● Problem
The answer should be an exact repeat of the stretch of material below from the line containing "Section TreeLeaves." through the line containing "(j < size cs)%N -> (k < size cs)%N ->".

= = = = =

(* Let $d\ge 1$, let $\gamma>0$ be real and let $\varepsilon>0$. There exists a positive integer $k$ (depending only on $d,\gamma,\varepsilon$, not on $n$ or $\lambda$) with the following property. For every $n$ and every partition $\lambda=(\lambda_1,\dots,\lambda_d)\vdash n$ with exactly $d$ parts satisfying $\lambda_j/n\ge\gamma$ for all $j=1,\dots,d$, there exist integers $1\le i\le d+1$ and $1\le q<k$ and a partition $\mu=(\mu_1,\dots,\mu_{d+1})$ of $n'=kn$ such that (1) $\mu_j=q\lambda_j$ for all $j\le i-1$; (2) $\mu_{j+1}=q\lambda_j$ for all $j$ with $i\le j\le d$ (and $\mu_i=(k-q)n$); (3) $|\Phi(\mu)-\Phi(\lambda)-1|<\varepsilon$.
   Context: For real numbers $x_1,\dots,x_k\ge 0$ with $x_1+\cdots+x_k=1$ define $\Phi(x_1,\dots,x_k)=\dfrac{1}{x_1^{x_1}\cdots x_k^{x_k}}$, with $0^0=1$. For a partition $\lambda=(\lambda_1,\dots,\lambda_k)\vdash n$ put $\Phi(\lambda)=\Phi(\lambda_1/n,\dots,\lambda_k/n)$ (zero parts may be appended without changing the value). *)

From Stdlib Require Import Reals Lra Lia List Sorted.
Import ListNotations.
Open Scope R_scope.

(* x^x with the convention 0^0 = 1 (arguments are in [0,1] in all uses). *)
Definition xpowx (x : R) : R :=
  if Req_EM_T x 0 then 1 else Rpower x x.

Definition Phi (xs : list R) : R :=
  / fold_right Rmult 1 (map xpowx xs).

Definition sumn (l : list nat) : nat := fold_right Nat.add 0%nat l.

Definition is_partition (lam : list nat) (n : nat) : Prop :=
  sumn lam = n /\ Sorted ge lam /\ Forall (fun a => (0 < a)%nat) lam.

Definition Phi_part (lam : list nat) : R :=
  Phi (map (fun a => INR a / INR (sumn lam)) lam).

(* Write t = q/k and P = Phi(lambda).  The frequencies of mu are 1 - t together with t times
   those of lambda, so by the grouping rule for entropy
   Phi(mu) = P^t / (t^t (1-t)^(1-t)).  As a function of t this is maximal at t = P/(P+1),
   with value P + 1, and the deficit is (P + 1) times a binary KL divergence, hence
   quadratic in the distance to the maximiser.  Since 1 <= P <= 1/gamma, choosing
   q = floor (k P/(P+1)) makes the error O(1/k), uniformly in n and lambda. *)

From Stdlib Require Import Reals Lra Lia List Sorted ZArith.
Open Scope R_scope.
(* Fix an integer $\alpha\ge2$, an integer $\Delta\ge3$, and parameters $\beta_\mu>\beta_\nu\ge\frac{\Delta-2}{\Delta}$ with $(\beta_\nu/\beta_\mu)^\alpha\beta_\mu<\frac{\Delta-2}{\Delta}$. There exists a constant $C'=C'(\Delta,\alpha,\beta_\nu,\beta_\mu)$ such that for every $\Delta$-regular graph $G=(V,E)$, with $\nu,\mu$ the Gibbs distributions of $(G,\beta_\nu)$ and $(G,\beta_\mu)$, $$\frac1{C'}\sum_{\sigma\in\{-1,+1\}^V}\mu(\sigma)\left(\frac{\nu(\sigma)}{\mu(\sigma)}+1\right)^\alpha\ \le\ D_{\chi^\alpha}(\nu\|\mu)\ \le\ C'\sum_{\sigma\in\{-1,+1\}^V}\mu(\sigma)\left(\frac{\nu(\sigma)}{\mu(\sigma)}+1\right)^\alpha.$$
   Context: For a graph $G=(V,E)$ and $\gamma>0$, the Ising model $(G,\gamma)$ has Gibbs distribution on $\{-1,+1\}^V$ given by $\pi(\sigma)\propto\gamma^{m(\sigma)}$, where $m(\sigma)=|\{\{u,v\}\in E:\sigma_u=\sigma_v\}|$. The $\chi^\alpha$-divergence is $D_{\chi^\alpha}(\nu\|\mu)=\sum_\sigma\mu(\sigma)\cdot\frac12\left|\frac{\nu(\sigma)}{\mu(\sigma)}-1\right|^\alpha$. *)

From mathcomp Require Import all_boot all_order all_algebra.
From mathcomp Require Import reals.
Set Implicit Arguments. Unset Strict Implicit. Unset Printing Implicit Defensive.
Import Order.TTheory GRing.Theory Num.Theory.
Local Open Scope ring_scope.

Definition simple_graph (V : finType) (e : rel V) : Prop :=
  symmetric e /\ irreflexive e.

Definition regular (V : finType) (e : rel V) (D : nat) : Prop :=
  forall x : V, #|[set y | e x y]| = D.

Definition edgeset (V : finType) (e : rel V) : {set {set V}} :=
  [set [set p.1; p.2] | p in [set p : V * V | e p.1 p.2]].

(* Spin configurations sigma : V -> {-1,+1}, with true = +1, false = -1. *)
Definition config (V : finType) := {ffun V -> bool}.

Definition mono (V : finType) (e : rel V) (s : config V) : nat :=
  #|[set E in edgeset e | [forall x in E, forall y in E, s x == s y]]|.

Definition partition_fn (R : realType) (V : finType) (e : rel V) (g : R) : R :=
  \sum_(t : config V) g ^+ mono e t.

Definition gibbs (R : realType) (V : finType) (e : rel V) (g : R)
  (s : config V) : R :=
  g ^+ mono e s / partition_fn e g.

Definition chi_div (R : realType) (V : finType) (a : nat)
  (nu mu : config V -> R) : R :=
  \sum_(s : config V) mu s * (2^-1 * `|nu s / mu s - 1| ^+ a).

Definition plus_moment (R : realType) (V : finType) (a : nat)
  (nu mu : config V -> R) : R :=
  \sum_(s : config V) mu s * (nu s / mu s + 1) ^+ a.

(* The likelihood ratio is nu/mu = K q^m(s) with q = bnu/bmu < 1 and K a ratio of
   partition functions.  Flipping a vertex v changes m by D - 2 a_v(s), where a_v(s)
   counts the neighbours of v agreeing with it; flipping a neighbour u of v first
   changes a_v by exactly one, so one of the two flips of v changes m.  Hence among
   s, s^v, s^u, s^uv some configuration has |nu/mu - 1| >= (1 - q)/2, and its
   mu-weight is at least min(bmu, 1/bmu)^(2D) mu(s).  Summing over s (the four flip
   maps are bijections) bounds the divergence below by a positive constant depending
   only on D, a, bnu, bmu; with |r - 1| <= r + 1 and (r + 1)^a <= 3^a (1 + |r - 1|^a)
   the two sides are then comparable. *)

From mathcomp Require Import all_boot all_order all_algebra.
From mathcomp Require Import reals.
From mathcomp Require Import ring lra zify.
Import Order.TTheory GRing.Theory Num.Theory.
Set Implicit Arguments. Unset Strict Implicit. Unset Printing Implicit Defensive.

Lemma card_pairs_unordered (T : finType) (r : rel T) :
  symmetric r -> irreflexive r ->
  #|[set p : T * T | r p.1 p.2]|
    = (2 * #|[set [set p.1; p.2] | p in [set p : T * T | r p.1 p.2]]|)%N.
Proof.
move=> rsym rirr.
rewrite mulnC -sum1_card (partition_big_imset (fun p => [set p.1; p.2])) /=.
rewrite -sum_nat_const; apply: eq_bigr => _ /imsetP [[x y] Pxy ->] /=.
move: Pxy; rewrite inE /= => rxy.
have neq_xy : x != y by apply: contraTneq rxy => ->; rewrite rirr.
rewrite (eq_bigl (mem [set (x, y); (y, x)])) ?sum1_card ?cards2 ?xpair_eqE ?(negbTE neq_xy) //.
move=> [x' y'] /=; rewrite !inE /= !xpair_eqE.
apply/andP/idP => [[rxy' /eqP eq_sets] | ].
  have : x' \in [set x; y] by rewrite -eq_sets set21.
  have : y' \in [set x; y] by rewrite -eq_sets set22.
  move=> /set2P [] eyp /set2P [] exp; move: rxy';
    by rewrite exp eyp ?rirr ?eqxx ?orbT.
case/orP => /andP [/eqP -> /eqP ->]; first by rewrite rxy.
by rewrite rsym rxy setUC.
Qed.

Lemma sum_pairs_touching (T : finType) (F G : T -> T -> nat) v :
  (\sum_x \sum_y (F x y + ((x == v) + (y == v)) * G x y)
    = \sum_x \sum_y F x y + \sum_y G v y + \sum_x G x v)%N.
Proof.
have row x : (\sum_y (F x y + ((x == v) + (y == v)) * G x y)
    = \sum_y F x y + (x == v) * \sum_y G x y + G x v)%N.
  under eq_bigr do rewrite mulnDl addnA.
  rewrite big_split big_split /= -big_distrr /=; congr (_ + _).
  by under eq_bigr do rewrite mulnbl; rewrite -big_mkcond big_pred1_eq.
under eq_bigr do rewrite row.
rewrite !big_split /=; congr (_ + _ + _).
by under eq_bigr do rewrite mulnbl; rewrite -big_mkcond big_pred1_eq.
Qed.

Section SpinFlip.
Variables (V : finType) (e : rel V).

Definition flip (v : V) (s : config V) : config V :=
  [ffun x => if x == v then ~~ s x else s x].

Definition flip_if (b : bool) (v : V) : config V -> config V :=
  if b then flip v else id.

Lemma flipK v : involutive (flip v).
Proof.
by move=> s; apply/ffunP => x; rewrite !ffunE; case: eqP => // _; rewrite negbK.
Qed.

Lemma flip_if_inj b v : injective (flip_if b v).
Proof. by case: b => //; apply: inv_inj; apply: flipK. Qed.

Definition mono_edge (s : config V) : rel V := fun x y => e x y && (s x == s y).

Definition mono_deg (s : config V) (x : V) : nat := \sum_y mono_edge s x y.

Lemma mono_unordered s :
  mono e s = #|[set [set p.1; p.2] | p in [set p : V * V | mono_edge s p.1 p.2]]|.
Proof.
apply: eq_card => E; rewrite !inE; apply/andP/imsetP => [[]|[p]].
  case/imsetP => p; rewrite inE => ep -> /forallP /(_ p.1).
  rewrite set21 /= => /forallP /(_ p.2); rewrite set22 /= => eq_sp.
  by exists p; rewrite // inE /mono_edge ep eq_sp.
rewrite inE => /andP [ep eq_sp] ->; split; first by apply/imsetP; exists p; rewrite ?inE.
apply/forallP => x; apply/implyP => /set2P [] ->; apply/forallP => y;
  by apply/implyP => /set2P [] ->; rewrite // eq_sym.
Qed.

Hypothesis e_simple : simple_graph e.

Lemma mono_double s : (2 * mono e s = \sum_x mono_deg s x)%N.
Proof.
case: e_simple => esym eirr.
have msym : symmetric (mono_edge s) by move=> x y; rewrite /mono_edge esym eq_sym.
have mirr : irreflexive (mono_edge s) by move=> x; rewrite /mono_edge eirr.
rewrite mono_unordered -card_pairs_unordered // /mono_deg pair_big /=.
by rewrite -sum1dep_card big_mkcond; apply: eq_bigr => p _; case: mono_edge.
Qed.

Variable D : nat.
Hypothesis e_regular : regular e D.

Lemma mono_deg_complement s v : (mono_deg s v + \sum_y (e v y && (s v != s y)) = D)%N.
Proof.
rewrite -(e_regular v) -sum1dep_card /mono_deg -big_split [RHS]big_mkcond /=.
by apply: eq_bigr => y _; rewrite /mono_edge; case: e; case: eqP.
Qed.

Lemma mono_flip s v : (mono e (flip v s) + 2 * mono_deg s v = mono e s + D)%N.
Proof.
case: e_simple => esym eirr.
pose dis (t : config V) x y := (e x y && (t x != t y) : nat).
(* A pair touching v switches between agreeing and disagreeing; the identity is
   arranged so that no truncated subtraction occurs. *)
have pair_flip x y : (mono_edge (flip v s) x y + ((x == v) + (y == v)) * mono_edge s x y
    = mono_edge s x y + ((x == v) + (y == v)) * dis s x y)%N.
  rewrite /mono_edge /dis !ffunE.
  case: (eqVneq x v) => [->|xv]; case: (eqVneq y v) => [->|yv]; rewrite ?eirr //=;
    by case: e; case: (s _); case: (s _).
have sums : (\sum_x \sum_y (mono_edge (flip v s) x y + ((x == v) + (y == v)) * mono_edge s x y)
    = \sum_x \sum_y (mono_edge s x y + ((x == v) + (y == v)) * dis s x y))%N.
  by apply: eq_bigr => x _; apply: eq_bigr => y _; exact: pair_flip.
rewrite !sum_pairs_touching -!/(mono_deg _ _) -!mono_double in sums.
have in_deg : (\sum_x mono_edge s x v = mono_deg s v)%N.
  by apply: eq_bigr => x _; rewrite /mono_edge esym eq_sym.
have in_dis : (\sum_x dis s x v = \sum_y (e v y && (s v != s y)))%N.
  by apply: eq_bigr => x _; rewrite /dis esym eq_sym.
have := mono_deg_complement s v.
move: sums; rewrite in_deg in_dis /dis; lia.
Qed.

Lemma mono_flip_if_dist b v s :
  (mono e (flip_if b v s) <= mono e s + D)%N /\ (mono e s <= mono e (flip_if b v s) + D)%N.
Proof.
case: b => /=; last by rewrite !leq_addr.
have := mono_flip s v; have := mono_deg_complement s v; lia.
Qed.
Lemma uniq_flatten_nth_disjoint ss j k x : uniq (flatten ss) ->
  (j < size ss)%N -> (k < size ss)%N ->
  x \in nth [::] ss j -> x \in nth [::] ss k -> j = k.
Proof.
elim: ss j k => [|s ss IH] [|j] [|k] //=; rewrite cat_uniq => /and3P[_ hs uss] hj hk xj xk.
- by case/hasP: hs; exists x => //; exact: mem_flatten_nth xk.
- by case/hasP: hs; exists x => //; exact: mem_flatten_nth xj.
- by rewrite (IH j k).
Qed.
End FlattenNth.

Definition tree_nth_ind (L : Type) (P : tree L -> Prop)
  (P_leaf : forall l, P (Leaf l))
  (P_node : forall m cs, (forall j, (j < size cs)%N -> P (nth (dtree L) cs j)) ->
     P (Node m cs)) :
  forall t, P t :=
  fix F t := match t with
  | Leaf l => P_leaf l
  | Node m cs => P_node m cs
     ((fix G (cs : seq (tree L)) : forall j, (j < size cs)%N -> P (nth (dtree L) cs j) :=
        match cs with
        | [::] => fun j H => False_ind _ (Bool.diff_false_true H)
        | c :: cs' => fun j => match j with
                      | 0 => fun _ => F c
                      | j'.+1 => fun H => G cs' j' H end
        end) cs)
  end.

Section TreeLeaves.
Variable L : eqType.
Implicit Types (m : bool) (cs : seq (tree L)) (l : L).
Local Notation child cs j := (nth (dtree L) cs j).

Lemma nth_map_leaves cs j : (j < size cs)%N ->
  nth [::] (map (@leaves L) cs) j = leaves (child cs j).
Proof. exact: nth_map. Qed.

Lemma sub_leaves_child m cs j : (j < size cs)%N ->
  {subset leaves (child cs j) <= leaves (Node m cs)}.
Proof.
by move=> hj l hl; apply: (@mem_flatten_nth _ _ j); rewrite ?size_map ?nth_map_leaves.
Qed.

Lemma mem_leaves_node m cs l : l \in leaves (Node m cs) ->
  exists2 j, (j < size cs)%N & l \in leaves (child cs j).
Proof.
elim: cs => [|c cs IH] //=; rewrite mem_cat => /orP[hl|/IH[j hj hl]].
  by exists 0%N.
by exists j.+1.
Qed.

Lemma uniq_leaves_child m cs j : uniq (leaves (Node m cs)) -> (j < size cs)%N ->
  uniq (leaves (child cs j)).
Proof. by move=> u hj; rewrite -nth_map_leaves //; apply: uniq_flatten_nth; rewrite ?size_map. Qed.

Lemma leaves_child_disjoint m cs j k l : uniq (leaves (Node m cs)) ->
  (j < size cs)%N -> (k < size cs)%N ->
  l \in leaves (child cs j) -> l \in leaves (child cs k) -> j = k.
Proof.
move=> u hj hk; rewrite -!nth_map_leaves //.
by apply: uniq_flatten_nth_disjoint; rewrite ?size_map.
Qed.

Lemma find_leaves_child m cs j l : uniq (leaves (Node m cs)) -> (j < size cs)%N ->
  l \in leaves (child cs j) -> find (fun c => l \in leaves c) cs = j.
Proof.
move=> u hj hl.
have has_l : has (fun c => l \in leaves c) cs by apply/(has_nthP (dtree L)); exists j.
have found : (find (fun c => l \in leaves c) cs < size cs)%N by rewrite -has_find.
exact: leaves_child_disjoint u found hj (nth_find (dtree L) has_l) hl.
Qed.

= = = = =

● Exercise answer
Section TreeLeaves.
Variable L : eqType.
Implicit Types (m : bool) (cs : seq (tree L)) (l : L).
Local Notation child cs j := (nth (dtree L) cs j).

Lemma nth_map_leaves cs j : (j < size cs)%N ->
  nth [::] (map (@leaves L) cs) j = leaves (child cs j).
Proof. exact: nth_map. Qed.

Lemma sub_leaves_child m cs j : (j < size cs)%N ->
  {subset leaves (child cs j) <= leaves (Node m cs)}.
Proof.
by move=> hj l hl; apply: (@mem_flatten_nth _ _ j); rewrite ?size_map ?nth_map_leaves.
Qed.

Lemma mem_leaves_node m cs l : l \in leaves (Node m cs) ->
  exists2 j, (j < size cs)%N & l \in leaves (child cs j).
Proof.
elim: cs => [|c cs IH] //=; rewrite mem_cat => /orP[hl|/IH[j hj hl]].
  by exists 0%N.
by exists j.+1.
Qed.

Lemma uniq_leaves_child m cs j : uniq (leaves (Node m cs)) -> (j < size cs)%N ->
  uniq (leaves (child cs j)).
Proof. by move=> u hj; rewrite -nth_map_leaves //; apply: uniq_flatten_nth; rewrite ?size_map. Qed.

Lemma leaves_child_disjoint m cs j k l : uniq (leaves (Node m cs)) ->
  (j < size cs)%N -> (k < size cs)%N ->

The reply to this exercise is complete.